Lemma embeds_setU_bool T U (A A' : set T) (M : set U) :
  embeds A M -> embeds A' M -> embeds (A `|` A') (M `*` [set: bool]).
Proof.
move=> [f fAM fi] [g gAM gi].
exists (fun x => if `[< A x >] then (f x, true) else (g x, false)).
  move=> x AA'x; case: asboolP => [Ax|nAx]; split => //; first exact: fAM.
  by case: AA'x => // A'x; exact: gAM.
move=> x y /set_mem AA'x /set_mem AA'y.
case: asboolP => [Ax|nAx]; case: asboolP => [Ay|nAy] // [].
  by apply: fi; apply: mem_set.
case: AA'x => // A'x; case: AA'y => // A'y.
by apply: gi; apply: mem_set.
Qed.

Lemma embeds_square_bool U (M : set U) : embeds [set: nat] M -> embeds (M `*` M) M ->
  embeds ((M `*` [set: bool]) `*` (M `*` [set: bool])) M.
Proof.
move=> natM MM.
have swap : embeds ((M `*` [set: bool]) `*` (M `*` [set: bool]))
                   ((M `*` M) `*` ([set: bool] `*` [set: bool])).
  exists (fun q => ((q.1.1, q.2.1), (q.1.2, q.2.2))).
    by move=> [[a x] [b y]] [[/= Ma _] [/= Mb _]].
  by move=> [[a x] [b y]] [[a' x'] [b' y']] _ _ [-> -> -> ->].
have bool2 : embeds ([set: bool] `*` [set: bool]) M.
  apply: embeds_trans natM; exists (fun p : bool * bool => p.1 + 2 * p.2)%N => //.
  by move=> [[] []] [[] []].
by apply: embeds_trans swap (embeds_trans (embeds_setX MM bool2) MM).
Qed.

Section Hessenberg.
Variables (C : Type) (Y : set C) (e : nat -> C).
Hypotheses (eY : forall i, Y (e i)) (e_inj : injective e).

Definition pairing_dom (G : set ((C * C) * C)) : set C :=
  [set a | exists c, G ((a, a), c)].

(* The domain of [G] is read off its diagonal; [G] is the graph of an
   injection from the square of its domain into its domain. *)
Record pairing (G : set ((C * C) * C)) : Prop := {
  pairing_sub : pairing_dom G `<=` Y;
  pairing_closed : forall p c, G (p, c) ->
    [/\ pairing_dom G p.1, pairing_dom G p.2 & pairing_dom G c];
  pairing_total : forall a b, pairing_dom G a -> pairing_dom G b ->
    exists c, G ((a, b), c);
  pairing_partial_inj : partial_inj G }.

Definition nat_pairing : set ((C * C) * C) :=
  [set ((e p.1, e p.2), e (pickle p)) | p in [set: nat * nat]].

Lemma pairing_dom_nat_pairing a : pairing_dom nat_pairing a <-> exists i, a = e i.
Proof.
split=> [[_ [[i j] _ [<- _ _]]]|[i ->]]; first by exists i.
by exists (e (pickle (i, i))), (i, i).
Qed.

Lemma pairing_nat_pairing : pairing nat_pairing.
Proof.
split.
- by move=> a /pairing_dom_nat_pairing[i ->].
- by move=> p c [[i j] _ [<- <-]]; split; apply/pairing_dom_nat_pairing; eexists.
- move=> _ _ /pairing_dom_nat_pairing[i ->] /pairing_dom_nat_pairing[j ->].
  by exists (e (pickle (i, j))), (i, j).
- by split=> _ _ [[i j] _ <-] [[i' j'] _ <-] /=;
    [case=> /e_inj <- /e_inj <-|move=> /e_inj/(pcan_inj pickleK)[-> ->]].
Qed.

Lemma pairing_dom_bigcup (F : set (set ((C * C) * C))) a :
  pairing_dom (\bigcup_(X in F) X) a <-> exists2 X, F X & pairing_dom X a.
Proof.
by split=> [[c [X FX Xc]]|[X FX [c Xc]]]; [exists X => //; exists c|exists c, X].
Qed.

Lemma pairing_bigcup (F : set (set ((C * C) * C))) :
  F `<=` pairing -> total_on F subset -> pairing (\bigcup_(X in F) X).
Proof.
move=> FP Fch; split.
- by move=> a /pairing_dom_bigcup[X /FP/pairing_sub]; apply.
- move=> p c [X FX /(pairing_closed (FP X FX))[h1 h2 h3]].
  by split; apply/pairing_dom_bigcup; exists X.
- move=> a b /pairing_dom_bigcup[X FX [c Xc]] /pairing_dom_bigcup[X' FX' [c' Xc']].
  have [Z FZ [Zc Zc']] : exists2 Z, F Z & Z ((a, a), c) /\ Z ((b, b), c').
    by apply: bigcup_chain2 => //; [exists X|exists X'].
  have [d Zd] := pairing_total (FP Z FZ) (ex_intro _ c Zc) (ex_intro _ c' Zc').
  by exists d, Z.
- by apply: partial_inj_bigcup => // X /FP/pairing_partial_inj.
Qed.

Section Extension.
Variables (G : set ((C * C) * C)) (N : set C) (h : C * C -> C).
Local Notation M := (pairing_dom G).
Local Notation D := ((M `|` N) `*` (M `|` N) `\` M `*` M).
Hypotheses (PG : pairing G) (NY : N `<=` Y) (NM : forall a, N a -> ~ M a).
Hypotheses (hDN : set_fun D N h) (h_inj : set_inj D h).

Lemma pairing_dom_extend : pairing_dom (G `|` [set (p, h p) | p in D]) = M `|` N.
Proof.
apply/seteqP; split=> a.
  move=> [c [Gc|[p [[MNp1 _] _] [pE _]]]]; first by left; exists c.
  by rewrite pE in MNp1.
move=> [[c Gc]|Na]; first by exists c; left.
exists (h (a, a)); right; exists (a, a) => //.
by split; [split; right|case=> /= Ma _; exact: NM Na Ma].
Qed.

Lemma pairing_extend : pairing (G `|` [set (p, h p) | p in D]).
Proof.
have domE := pairing_dom_extend; split; rewrite ?domE.
- by move=> a [/(pairing_sub PG)|/NY].
- move=> p c [/(pairing_closed PG)[Mp1 Mp2 Mc]|[q Dq [<- <-]]]; first by split; left.
  by have [[MNq1 MNq2] _] := Dq; split => //; right; exact: hDN.
- move=> a b MNa MNb; have [[Ma Mb]|nMab] := pselect (M a /\ M b).
    by have [c Gc] := pairing_total PG Ma Mb; exists c; left.
  by exists (h (a, b)); right; exists (a, b).
- apply: partial_inj_setU; [exact: pairing_partial_inj PG|exact: partial_inj_graph|].
  move=> [p c] q' Gpc [q Dq <-]; have [Mp1 Mp2 Mc] := pairing_closed PG Gpc.
  split=> [/= pq|/= chq]; first by case: Dq => _; apply; rewrite -pq.
  by apply: (NM (hDN Dq)); rewrite -chq.
Qed.

End Extension.

Lemma embeds_setXX_seq : embeds (Y `*` Y) Y.
Proof.
have [G natG [PG Gmax]] := Zorn_bigcup_above pairing_nat_pairing pairing_bigcup.
set M := pairing_dom G.
have Me i : M (e i) by exists (e (pickle (i, i))); apply: natG; exists (i, i).
have natM : embeds [set: nat] M by exists e => [i _|i j _ _ /e_inj].
have MM : embeds (M `*` M) M.
  have MMdom p : (M `*` M) p -> exists c, G (p, c).
    by case: p => a b [/= Ma Mb]; exact: (pairing_total PG Ma Mb).
  apply: embeds_trans (partial_inj_embeds (e 0) (pairing_partial_inj PG) MMdom) _.
  by apply: embeds_sub => c [p /(pairing_closed PG)[]].
have square (Z : set C) : embeds Z (M `*` [set: bool]) -> embeds (Z `*` Z) M.
  by move=> ZM; apply: embeds_trans (embeds_setX ZM ZM) (embeds_square_bool natM MM).
(* Either [Y] is at most two copies of [M], or a copy [N] of [M] sits in
   [Y `\` M] and the pairing extends to [M `|` N], against maximality. *)
have [YM|[g gM gi]] := embeds_total (Y `\` M) M (e 0) (e 0).
  have YMb : embeds Y (M `*` [set: bool]).
    apply: (embeds_trans (B := M `|` (Y `\` M))).
      by apply: embeds_sub => y Yy; have [My|nMy] := pselect (M y); [left|right].
    exact: embeds_setU_bool (embeds_sub (@subset_refl _ M)) YM.
  exact: (embeds_trans (square Y YMb) (embeds_sub (pairing_sub PG))).
exfalso; set N := g @` M.
have NY a : N a -> Y a by move=> [b Mb <-]; have [] := gM b Mb.
have NnM a : N a -> ~ M a by move=> [b Mb <-]; have [] := gM b Mb.
have NM : embeds N M.
  by apply: card_le_embeds (inhabits (e 0)) _; exact: card_image_le.
have [h hD hi] : embeds ((M `|` N) `*` (M `|` N) `\` M `*` M) N.
  apply: (embeds_trans (B := M)); last by exists g => // a Ma; exists a.
  apply: (embeds_trans (B := (M `|` N) `*` (M `|` N))).
    exact: embeds_sub (@subDsetl _ _ _).
  by apply: square; apply: embeds_setU_bool NM; exact: embeds_sub.
move: (pairing_extend PG NY NnM hD hi) (pairing_dom_extend h NnM).
set G' := G `|` _ => PG' domG'; apply: (Gmax G') => //; split; first exact: subsetUl.
move=> G'G; have Ng : N (g (e 0)) by exists (e 0).
have [c /G'G Gc] : pairing_dom G' (g (e 0)) by rewrite domG'; right.
by apply: (NnM _ Ng); exists c.
Qed.

End Hessenberg.

Local Open Scope card_scope.

Lemma embeds_setXX C (Y : set C) : embeds [set: nat] Y -> embeds (Y `*` Y) Y.
Proof.
move=> [e eY ei]; apply: (embeds_setXX_seq (e := e)) => [i|i j]; first exact: eY.
by apply: ei; rewrite inE.
Qed.

Lemma infinite_inhabited T (A : set T) : infinite_set A -> inhabited T.
Proof. by move=> /infinite_setN0[x _]; exact: inhabits x. Qed.

Lemma card_le_setXX C (Y : set C) : infinite_set Y -> Y `*` Y #<= Y.
Proof.
move=> Yinf; apply/embeds_card_le/embeds_setXX.
have /infiniteP natY := Yinf; exact: card_le_embeds (infinite_inhabited Yinf) natY.
Qed.

Lemma card_le_bigcup I T C (D : set I) (F : I -> set T) (Y : set C) :
  infinite_set Y -> D #<= Y -> (forall i, D i -> F i #<= Y) ->
  \bigcup_(i in D) F i #<= Y.
Proof.
move=> Yinf DY FY; have [y0 _] := infinite_setN0 Yinf.
have [->|/set0P[x0 [i0 Di0 _]]] := eqVneq (\bigcup_(i in D) F i) set0.
  exact: card_ge0.
have [d dY di] := card_le_embeds (inhabits y0) DY.
have [idx idxP] : exists idx : T -> I, forall x, (\bigcup_(i in D) F i) x ->
    D (idx x) /\ F (idx x) x.
  by apply: (choice_on (R := fun x i => D i /\ F i x) i0) => x [i Di Fix]; exists i.
have [f fP] : exists f : I -> T -> C, forall i, D i ->
    set_fun (F i) Y (f i) /\ set_inj (F i) (f i).
  apply: (choice_on (R := fun i f => set_fun (F i) Y f /\ set_inj (F i) f) (fun=> y0)).
  by move=> i /FY /(card_le_embeds (inhabits y0))[f ? ?]; exists f.
apply: card_le_trans (card_le_setXX Yinf); apply: embeds_card_le.
exists (fun x => (d (idx x), f (idx x) x)).
  by move=> x /idxP[Di Fx]; split; [exact: dY|exact: (fP _ Di).1].
move=> x y /set_mem/idxP[Dx Fx] /set_mem/idxP[Dy Fy] [/di dxy fxy].
have idxy : idx x = idx y by apply: dxy; apply: mem_set.
by rewrite idxy in Fx fxy; apply: (fP _ Dy).2 fxy; apply: mem_set.
Qed.

Lemma finite_card_le_infinite T C (A : set T) (Y : set C) :
  finite_set A -> infinite_set Y -> A #<= Y.
Proof.
move=> /finite_set_leP[k Ak] /infiniteP natY.
by apply: card_le_trans Ak (card_le_trans (subset_card_le _) natY).
Qed.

Problem to solve:
Transcribe the lines above between the line holding "have NY a : N" and the line holding "Proof. by move=>", inclusive, exactly as they stand and with nothing added.

Answer for this exercise:
have NY a : N a -> Y a by move=> [b Mb <-]; have [] := gM b Mb.
have NnM a : N a -> ~ M a by move=> [b Mb <-]; have [] := gM b Mb.
have NM : embeds N M.
  by apply: card_le_embeds (inhabits (e 0)) _; exact: card_image_le.
have [h hD hi] : embeds ((M `|` N) `*` (M `|` N) `\` M `*` M) N.
  apply: (embeds_trans (B := M)); last by exists g => // a Ma; exists a.
  apply: (embeds_trans (B := (M `|` N) `*` (M `|` N))).
    exact: embeds_sub (@subDsetl _ _ _).
  by apply: square; apply: embeds_setU_bool NM; exact: embeds_sub.
move: (pairing_extend PG NY NnM hD hi) (pairing_dom_extend h NnM).
set G' := G `|` _ => PG' domG'; apply: (Gmax G') => //; split; first exact: subsetUl.
move=> G'G; have Ng : N (g (e 0)) by exists (e 0).
have [c /G'G Gc] : pairing_dom G' (g (e 0)) by rewrite domG'; right.
by apply: (NnM _ Ng); exists c.
Qed.

End Hessenberg.

Local Open Scope card_scope.

Lemma embeds_setXX C (Y : set C) : embeds [set: nat] Y -> embeds (Y `*` Y) Y.
Proof.
move=> [e eY ei]; apply: (embeds_setXX_seq (e := e)) => [i|i j]; first exact: eY.
by apply: ei; rewrite inE.
Qed.

Lemma infinite_inhabited T (A : set T) : infinite_set A -> inhabited T.
Proof. by move=> /infinite_setN0[x _]; exact: inhabits x. Qed.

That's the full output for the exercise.